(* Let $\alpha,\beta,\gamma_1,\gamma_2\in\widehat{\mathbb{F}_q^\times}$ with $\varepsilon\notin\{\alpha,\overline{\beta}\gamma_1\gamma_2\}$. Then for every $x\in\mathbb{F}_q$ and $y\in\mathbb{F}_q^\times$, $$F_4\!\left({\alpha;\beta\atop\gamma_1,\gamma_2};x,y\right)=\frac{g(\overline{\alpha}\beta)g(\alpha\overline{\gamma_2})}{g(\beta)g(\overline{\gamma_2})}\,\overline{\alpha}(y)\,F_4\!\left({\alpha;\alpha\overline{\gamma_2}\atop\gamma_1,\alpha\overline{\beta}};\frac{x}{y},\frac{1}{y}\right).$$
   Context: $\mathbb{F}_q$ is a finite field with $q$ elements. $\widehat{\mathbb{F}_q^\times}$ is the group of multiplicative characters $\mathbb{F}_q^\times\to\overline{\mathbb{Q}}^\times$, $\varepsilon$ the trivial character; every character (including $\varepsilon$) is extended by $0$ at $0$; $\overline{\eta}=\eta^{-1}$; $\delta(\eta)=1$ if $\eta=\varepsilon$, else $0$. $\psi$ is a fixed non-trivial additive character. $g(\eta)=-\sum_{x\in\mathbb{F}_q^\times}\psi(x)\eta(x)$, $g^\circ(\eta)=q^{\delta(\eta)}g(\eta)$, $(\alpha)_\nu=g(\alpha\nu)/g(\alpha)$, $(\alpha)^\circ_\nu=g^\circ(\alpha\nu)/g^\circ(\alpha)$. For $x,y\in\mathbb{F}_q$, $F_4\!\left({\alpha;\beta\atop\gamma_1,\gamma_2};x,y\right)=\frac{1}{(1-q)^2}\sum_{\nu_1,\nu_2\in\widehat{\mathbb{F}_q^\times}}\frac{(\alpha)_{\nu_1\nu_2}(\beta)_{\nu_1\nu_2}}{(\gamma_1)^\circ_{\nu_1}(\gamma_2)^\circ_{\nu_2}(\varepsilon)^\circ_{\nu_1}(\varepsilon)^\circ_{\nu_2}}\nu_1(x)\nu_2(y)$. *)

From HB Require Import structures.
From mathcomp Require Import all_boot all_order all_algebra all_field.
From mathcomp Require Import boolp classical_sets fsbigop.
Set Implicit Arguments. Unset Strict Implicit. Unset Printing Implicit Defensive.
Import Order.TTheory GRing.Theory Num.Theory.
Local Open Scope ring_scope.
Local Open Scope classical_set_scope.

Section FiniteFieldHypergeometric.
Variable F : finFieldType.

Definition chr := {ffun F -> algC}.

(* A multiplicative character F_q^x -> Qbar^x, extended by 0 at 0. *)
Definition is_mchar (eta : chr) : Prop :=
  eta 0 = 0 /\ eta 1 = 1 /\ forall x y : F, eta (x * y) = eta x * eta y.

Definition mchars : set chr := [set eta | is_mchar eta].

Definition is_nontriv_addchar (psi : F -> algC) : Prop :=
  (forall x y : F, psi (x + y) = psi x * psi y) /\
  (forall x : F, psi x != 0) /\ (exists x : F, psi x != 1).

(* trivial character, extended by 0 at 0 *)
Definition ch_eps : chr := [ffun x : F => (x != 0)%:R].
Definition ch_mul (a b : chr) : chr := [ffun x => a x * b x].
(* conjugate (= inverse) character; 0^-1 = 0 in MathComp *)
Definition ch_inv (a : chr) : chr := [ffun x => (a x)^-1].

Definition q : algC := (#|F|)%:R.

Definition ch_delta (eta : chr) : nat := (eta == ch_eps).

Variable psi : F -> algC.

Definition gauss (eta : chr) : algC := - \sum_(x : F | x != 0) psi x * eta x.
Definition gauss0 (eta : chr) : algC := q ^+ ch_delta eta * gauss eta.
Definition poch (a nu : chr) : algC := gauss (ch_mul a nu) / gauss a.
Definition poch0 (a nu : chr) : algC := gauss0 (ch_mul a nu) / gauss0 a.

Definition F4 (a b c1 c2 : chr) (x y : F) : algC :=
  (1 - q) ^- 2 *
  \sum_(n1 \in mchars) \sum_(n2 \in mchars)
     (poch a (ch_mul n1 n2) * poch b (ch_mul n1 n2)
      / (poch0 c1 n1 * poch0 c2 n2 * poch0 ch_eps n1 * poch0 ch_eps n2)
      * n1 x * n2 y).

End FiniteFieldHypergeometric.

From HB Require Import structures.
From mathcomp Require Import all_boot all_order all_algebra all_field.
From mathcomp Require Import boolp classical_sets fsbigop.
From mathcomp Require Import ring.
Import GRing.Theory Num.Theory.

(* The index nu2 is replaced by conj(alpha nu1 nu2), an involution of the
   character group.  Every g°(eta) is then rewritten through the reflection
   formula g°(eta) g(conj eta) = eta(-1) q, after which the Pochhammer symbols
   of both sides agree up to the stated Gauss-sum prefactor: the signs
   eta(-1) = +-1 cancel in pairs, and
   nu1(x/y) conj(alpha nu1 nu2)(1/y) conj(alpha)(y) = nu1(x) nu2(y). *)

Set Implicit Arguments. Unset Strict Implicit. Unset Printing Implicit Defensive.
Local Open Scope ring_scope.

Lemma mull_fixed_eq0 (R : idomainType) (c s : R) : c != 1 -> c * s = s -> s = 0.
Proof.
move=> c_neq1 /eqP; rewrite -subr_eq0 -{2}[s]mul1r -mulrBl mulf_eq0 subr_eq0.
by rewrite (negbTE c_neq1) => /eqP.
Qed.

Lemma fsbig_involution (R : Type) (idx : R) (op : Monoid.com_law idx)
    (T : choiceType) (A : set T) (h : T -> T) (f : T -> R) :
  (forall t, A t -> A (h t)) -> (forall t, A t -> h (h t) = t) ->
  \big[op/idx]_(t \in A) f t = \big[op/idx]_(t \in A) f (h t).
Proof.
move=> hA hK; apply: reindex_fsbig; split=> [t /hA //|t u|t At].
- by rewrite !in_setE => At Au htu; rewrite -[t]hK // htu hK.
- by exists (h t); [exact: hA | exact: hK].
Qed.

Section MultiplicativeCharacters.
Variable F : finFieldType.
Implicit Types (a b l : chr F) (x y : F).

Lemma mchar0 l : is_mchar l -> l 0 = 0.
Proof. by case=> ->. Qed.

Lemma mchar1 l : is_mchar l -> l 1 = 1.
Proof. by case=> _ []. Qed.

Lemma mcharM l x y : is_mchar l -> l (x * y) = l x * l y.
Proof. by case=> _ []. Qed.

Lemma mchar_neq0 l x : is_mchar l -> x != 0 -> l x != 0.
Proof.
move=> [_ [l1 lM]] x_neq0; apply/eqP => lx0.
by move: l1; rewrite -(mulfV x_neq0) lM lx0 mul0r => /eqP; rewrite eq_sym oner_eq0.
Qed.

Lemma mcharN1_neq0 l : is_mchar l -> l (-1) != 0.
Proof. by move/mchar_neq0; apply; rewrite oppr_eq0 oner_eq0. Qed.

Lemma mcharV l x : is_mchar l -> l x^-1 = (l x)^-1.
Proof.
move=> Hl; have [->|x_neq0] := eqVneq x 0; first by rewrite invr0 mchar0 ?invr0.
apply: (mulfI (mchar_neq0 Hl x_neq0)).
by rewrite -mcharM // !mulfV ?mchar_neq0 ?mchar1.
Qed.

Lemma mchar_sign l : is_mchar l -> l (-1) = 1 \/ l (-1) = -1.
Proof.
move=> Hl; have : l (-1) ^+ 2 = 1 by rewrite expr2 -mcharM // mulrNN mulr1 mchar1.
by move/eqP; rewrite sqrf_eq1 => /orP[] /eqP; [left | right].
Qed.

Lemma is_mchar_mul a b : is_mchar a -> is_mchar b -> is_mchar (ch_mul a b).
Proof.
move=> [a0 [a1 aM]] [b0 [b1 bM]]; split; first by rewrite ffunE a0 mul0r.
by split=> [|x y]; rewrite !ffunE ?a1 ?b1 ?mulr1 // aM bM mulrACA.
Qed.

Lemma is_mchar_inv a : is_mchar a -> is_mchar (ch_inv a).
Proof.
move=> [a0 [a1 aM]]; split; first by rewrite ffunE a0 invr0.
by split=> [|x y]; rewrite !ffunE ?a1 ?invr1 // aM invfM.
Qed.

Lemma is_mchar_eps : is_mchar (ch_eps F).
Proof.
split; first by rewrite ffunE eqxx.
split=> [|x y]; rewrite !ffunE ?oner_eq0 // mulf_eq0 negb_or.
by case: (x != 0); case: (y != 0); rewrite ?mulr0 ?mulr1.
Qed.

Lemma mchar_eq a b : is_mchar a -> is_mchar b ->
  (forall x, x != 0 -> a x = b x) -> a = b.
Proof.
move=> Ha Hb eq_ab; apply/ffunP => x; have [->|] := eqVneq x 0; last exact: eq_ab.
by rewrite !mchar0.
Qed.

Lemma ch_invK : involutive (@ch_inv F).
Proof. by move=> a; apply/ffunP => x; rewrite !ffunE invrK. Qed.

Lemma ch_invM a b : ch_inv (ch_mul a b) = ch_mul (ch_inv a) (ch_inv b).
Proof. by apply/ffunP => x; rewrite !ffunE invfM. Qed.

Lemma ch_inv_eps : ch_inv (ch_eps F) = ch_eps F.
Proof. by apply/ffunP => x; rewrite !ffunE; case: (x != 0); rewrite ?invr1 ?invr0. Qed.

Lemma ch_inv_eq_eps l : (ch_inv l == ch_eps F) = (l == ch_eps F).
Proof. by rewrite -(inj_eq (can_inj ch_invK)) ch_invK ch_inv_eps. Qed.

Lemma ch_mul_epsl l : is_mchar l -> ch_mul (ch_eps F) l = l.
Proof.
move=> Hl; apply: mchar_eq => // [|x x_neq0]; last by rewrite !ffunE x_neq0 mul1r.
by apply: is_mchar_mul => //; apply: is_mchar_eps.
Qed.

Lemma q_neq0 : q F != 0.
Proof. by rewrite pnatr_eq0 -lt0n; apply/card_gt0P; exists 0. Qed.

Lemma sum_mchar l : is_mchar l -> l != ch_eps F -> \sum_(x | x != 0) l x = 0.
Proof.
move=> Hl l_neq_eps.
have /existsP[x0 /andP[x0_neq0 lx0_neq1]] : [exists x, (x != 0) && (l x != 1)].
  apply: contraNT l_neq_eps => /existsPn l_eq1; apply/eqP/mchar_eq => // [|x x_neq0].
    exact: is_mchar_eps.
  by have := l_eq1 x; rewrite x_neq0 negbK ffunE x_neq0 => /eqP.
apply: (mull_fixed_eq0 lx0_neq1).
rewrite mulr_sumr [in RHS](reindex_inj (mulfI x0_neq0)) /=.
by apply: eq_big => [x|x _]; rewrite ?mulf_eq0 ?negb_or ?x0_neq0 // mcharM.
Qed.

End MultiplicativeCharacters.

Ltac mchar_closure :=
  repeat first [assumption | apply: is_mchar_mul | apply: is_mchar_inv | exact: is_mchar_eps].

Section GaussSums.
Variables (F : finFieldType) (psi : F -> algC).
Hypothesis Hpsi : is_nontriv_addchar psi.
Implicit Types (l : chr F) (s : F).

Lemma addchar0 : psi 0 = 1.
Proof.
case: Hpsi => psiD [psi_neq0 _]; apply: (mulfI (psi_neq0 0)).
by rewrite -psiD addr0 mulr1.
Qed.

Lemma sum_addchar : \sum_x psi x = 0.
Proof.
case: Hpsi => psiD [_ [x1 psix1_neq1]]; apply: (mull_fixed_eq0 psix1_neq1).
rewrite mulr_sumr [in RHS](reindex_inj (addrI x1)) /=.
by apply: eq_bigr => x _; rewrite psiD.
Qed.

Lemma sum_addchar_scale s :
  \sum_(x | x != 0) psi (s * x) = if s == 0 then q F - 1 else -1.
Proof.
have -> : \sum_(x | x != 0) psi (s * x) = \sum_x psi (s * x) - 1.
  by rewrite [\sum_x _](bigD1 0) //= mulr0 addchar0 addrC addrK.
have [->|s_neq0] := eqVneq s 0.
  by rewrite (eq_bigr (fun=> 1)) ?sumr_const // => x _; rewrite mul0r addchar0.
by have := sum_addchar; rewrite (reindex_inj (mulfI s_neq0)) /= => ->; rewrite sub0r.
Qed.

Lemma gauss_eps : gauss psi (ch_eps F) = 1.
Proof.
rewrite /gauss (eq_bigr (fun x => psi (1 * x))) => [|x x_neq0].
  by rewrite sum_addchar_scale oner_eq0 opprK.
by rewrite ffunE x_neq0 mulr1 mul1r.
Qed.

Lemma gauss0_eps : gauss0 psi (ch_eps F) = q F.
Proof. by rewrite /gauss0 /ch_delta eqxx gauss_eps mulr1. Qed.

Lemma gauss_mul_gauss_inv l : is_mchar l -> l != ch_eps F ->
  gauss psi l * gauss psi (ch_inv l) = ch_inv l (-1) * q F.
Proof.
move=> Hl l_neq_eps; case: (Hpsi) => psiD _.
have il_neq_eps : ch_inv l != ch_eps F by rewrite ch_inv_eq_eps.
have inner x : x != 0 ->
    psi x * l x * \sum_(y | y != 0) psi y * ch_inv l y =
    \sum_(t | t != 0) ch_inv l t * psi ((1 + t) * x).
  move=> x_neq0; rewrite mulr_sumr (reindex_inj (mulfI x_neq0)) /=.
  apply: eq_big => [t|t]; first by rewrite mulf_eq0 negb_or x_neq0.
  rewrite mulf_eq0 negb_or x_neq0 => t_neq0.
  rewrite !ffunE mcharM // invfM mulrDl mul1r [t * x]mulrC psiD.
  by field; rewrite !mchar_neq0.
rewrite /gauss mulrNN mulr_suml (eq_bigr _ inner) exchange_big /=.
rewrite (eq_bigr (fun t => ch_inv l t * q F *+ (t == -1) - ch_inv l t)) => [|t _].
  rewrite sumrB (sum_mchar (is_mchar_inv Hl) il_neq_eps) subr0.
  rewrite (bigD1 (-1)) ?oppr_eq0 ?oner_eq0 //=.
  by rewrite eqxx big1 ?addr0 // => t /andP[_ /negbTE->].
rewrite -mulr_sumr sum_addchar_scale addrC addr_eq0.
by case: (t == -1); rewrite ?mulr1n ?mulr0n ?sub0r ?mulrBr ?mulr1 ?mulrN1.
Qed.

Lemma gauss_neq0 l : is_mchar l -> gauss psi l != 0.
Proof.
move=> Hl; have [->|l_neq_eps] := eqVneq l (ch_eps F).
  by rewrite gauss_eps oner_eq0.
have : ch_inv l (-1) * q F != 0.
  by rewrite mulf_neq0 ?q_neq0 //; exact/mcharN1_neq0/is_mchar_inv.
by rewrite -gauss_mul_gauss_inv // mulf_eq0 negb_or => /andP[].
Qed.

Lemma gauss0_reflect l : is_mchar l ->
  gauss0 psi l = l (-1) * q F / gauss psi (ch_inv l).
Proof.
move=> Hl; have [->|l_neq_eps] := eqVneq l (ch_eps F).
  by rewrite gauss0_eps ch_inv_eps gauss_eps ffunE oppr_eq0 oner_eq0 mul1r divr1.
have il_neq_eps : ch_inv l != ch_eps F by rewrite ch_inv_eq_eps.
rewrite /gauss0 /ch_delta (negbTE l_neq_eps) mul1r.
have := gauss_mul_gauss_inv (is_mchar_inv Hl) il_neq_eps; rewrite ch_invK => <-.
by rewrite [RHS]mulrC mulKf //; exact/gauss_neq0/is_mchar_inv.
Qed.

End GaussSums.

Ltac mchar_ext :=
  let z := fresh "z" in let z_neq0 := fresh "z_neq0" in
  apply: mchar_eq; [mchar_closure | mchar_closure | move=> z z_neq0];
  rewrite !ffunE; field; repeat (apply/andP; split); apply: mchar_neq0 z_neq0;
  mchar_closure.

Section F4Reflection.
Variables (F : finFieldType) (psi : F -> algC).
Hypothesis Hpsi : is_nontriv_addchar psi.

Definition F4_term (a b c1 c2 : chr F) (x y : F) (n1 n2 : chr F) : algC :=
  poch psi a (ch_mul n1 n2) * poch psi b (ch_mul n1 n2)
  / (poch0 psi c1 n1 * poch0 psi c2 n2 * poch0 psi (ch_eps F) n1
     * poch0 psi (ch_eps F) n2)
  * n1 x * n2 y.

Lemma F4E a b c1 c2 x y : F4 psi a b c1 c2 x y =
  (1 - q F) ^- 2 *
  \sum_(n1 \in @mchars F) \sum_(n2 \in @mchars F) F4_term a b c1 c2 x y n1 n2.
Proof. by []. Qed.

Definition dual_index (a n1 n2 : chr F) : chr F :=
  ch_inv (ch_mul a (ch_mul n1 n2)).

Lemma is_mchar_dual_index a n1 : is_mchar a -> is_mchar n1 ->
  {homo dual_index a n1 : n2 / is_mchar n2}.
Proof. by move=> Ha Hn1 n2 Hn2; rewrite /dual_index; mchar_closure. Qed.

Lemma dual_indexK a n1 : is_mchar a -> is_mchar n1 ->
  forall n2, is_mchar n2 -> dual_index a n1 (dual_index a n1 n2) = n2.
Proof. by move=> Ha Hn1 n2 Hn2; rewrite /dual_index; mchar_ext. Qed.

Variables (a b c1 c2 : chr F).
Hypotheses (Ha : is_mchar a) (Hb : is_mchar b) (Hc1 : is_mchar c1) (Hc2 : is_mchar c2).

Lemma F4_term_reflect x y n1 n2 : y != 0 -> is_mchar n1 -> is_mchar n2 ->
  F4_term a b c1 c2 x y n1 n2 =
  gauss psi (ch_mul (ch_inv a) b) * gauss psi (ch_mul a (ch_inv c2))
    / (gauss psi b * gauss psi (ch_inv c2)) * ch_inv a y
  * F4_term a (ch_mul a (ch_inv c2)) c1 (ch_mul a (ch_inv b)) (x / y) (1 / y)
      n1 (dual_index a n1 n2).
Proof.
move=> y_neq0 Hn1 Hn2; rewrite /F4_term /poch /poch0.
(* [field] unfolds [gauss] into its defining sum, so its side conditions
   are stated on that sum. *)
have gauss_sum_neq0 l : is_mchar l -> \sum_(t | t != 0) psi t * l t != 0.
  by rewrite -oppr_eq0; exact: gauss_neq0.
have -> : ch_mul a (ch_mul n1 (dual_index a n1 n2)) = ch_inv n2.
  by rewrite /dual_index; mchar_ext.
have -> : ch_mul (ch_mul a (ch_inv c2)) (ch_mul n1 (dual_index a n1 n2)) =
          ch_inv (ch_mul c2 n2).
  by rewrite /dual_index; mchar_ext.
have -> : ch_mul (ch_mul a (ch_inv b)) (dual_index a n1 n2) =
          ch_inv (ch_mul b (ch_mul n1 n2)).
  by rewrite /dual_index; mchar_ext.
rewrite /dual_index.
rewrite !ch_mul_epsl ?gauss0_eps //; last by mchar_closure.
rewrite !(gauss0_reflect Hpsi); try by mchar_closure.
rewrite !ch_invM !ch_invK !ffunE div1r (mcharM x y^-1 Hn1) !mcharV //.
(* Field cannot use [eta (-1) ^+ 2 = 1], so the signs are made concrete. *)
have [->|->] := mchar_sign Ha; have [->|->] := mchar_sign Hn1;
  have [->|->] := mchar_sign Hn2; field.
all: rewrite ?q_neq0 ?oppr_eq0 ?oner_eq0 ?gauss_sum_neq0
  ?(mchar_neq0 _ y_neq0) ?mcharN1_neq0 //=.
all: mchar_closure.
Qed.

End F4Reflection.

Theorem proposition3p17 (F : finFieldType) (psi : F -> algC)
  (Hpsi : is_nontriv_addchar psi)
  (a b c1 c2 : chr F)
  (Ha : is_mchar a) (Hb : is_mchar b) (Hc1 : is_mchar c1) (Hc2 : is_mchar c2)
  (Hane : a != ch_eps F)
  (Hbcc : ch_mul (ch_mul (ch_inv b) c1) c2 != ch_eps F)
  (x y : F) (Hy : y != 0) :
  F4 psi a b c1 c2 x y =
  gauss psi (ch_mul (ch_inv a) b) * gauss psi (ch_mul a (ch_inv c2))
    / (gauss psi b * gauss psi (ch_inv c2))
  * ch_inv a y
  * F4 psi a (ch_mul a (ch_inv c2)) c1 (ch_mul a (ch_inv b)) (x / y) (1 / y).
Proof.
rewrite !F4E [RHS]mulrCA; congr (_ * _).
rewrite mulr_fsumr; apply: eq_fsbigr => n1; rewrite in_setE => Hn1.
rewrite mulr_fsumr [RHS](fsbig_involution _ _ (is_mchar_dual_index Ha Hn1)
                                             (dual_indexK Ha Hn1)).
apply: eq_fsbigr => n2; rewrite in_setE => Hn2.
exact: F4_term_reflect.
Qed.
...
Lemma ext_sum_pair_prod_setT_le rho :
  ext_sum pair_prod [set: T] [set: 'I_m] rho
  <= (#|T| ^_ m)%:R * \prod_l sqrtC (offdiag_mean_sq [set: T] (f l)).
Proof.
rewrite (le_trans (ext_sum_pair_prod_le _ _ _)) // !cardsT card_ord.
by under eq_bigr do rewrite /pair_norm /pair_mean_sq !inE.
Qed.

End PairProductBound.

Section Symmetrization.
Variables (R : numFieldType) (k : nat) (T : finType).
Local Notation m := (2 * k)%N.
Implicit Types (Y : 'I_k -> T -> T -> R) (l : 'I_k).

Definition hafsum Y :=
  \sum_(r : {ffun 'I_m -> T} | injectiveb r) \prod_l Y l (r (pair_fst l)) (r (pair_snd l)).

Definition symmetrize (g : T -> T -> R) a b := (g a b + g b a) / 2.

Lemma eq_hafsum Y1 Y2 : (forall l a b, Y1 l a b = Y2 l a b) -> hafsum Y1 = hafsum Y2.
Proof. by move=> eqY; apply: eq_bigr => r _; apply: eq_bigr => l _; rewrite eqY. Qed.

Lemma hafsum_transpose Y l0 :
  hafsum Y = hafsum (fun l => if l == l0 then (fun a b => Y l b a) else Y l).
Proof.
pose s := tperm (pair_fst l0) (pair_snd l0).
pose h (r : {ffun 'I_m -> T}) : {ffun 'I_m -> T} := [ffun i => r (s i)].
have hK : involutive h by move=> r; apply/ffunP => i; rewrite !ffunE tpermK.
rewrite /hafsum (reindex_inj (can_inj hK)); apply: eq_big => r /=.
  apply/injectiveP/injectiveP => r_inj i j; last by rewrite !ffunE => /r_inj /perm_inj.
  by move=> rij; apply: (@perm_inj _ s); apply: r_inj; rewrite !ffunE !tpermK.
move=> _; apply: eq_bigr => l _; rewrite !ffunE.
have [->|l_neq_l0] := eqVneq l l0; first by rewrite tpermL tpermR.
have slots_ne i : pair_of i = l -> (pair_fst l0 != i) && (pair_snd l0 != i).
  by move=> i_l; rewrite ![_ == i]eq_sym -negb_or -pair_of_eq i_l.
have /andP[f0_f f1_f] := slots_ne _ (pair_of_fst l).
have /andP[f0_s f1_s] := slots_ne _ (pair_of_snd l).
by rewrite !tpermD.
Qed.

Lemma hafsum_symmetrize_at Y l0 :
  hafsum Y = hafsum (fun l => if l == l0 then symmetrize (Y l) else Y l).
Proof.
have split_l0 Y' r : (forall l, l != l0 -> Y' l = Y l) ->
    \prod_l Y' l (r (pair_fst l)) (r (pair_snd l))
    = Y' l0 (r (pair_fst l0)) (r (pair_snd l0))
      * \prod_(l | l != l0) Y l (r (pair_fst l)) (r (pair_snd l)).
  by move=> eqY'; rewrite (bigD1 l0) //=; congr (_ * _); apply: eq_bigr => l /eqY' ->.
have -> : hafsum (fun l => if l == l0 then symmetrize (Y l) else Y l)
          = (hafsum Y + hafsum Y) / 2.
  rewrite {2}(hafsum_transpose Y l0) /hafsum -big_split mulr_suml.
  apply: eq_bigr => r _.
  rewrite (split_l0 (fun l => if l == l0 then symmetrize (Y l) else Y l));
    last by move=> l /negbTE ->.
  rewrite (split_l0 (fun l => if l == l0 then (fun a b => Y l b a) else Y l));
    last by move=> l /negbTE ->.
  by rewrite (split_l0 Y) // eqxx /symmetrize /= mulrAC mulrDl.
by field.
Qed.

__WHAT YOU NEED TO DO__. Please go through the data above and copy every line that has the word "andP".

__EXERCISE ANSWER__.
have /existsP[x0 /andP[x0_neq0 lx0_neq1]] : [exists x, (x != 0) && (l x != 1)].
  by rewrite eqxx big1 ?addr0 // => t /andP[_ /negbTE->].
by rewrite -gauss_mul_gauss_inv // mulf_eq0 negb_or => /andP[].
  rewrite !ffunE; field; repeat (apply/andP; split); apply: mchar_neq0 z_neq0;
have /andP[f0_f f1_f] := slots_ne _ (pair_of_fst l).
have /andP[f0_s f1_s] := slots_ne _ (pair_of_snd l).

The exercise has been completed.